> Recorded information:
────────────────

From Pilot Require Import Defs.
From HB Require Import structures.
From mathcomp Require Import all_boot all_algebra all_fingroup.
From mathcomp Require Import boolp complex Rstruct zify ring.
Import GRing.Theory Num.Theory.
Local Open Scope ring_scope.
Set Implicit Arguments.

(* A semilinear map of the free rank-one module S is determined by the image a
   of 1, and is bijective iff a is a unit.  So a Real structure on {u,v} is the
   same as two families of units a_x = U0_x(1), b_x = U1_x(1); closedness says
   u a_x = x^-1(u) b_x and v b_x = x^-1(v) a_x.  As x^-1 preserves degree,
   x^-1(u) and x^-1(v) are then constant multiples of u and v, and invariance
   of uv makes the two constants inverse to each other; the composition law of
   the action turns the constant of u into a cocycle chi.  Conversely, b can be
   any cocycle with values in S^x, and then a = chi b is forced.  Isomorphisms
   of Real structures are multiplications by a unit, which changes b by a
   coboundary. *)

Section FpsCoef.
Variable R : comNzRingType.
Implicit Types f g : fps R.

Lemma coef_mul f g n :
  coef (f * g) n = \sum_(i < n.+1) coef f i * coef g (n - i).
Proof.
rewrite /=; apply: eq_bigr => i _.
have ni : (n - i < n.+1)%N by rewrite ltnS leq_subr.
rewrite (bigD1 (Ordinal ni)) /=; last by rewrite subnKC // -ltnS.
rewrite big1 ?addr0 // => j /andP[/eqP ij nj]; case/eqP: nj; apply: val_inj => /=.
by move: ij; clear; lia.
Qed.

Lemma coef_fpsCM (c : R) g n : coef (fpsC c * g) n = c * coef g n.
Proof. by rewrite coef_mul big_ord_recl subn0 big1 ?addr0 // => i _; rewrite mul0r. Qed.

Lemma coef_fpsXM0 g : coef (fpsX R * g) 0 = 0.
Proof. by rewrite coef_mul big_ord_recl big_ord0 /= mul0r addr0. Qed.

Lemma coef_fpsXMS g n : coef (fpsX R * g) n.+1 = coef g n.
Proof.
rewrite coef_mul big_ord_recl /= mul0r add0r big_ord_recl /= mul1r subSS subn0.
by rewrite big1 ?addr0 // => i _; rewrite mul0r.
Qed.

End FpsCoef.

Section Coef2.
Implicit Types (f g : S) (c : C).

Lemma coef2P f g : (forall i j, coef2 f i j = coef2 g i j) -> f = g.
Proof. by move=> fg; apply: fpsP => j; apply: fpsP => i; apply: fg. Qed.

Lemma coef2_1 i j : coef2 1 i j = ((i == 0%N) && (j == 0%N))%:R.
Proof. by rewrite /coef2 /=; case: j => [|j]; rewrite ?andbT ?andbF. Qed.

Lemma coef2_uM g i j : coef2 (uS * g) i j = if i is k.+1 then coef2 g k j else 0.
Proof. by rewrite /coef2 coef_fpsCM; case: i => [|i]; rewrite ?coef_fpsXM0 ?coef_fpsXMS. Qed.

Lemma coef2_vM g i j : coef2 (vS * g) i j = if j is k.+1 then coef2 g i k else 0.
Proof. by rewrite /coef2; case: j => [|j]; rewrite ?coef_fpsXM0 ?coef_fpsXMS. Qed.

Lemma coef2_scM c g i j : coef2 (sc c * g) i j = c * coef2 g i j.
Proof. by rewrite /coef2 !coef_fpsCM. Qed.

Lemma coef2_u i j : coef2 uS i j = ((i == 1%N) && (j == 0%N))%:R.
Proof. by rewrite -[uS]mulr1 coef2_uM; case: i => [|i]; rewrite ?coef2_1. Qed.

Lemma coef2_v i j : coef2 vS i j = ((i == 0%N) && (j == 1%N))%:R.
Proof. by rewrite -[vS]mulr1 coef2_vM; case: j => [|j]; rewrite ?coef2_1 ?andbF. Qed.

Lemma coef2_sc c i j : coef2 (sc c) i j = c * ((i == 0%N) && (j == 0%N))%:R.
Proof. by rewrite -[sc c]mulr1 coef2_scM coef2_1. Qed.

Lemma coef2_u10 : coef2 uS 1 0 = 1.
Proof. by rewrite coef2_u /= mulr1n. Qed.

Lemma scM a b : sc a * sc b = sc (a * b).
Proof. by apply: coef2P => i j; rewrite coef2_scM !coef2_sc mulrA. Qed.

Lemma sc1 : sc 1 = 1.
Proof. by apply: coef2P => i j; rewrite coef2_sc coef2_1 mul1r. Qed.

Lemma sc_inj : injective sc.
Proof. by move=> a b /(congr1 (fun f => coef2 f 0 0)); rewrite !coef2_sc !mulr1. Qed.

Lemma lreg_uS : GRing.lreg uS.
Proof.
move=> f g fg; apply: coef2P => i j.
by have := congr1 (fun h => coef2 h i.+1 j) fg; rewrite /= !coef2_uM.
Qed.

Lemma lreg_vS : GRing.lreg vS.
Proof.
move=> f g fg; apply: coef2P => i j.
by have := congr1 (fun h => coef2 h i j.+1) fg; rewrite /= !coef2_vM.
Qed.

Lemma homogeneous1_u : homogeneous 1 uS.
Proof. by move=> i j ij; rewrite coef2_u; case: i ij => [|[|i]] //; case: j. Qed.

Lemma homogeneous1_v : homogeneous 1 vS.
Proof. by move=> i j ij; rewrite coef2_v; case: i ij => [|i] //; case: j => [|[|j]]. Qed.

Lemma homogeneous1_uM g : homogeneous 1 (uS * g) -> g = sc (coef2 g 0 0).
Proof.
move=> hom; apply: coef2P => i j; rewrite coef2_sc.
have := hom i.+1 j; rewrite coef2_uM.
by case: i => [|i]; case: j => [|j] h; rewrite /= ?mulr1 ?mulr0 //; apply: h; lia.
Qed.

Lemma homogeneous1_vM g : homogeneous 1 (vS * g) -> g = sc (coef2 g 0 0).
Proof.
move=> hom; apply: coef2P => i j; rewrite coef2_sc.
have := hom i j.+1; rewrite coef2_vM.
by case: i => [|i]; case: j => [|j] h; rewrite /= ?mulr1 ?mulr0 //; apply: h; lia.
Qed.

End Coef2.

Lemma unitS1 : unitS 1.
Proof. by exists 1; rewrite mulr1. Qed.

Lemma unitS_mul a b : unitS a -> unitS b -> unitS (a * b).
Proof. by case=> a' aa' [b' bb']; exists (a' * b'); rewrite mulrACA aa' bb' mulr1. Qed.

────────────────

> Brief:
Search the listing above for the lines with "Import GRing.Theory Num.Theory." and "Lemma coef2_uM g", then output those lines and all lines between them exactly.

> Response:
Import GRing.Theory Num.Theory.
Local Open Scope ring_scope.
Set Implicit Arguments.

(* A semilinear map of the free rank-one module S is determined by the image a
   of 1, and is bijective iff a is a unit.  So a Real structure on {u,v} is the
   same as two families of units a_x = U0_x(1), b_x = U1_x(1); closedness says
   u a_x = x^-1(u) b_x and v b_x = x^-1(v) a_x.  As x^-1 preserves degree,
   x^-1(u) and x^-1(v) are then constant multiples of u and v, and invariance
   of uv makes the two constants inverse to each other; the composition law of
   the action turns the constant of u into a cocycle chi.  Conversely, b can be
   any cocycle with values in S^x, and then a = chi b is forced.  Isomorphisms
   of Real structures are multiplications by a unit, which changes b by a
   coboundary. *)

Section FpsCoef.
Variable R : comNzRingType.
Implicit Types f g : fps R.

Lemma coef_mul f g n :
  coef (f * g) n = \sum_(i < n.+1) coef f i * coef g (n - i).
Proof.
rewrite /=; apply: eq_bigr => i _.
have ni : (n - i < n.+1)%N by rewrite ltnS leq_subr.
rewrite (bigD1 (Ordinal ni)) /=; last by rewrite subnKC // -ltnS.
rewrite big1 ?addr0 // => j /andP[/eqP ij nj]; case/eqP: nj; apply: val_inj => /=.
by move: ij; clear; lia.
Qed.

Lemma coef_fpsCM (c : R) g n : coef (fpsC c * g) n = c * coef g n.
Proof. by rewrite coef_mul big_ord_recl subn0 big1 ?addr0 // => i _; rewrite mul0r. Qed.

Lemma coef_fpsXM0 g : coef (fpsX R * g) 0 = 0.
Proof. by rewrite coef_mul big_ord_recl big_ord0 /= mul0r addr0. Qed.

Lemma coef_fpsXMS g n : coef (fpsX R * g) n.+1 = coef g n.
Proof.
rewrite coef_mul big_ord_recl /= mul0r add0r big_ord_recl /= mul1r subSS subn0.
by rewrite big1 ?addr0 // => i _; rewrite mul0r.
Qed.

End FpsCoef.

Section Coef2.
Implicit Types (f g : S) (c : C).

Lemma coef2P f g : (forall i j, coef2 f i j = coef2 g i j) -> f = g.
Proof. by move=> fg; apply: fpsP => j; apply: fpsP => i; apply: fg. Qed.

Lemma coef2_1 i j : coef2 1 i j = ((i == 0%N) && (j == 0%N))%:R.
Proof. by rewrite /coef2 /=; case: j => [|j]; rewrite ?andbT ?andbF. Qed.

Lemma coef2_uM g i j : coef2 (uS * g) i j = if i is k.+1 then coef2 g k j else 0.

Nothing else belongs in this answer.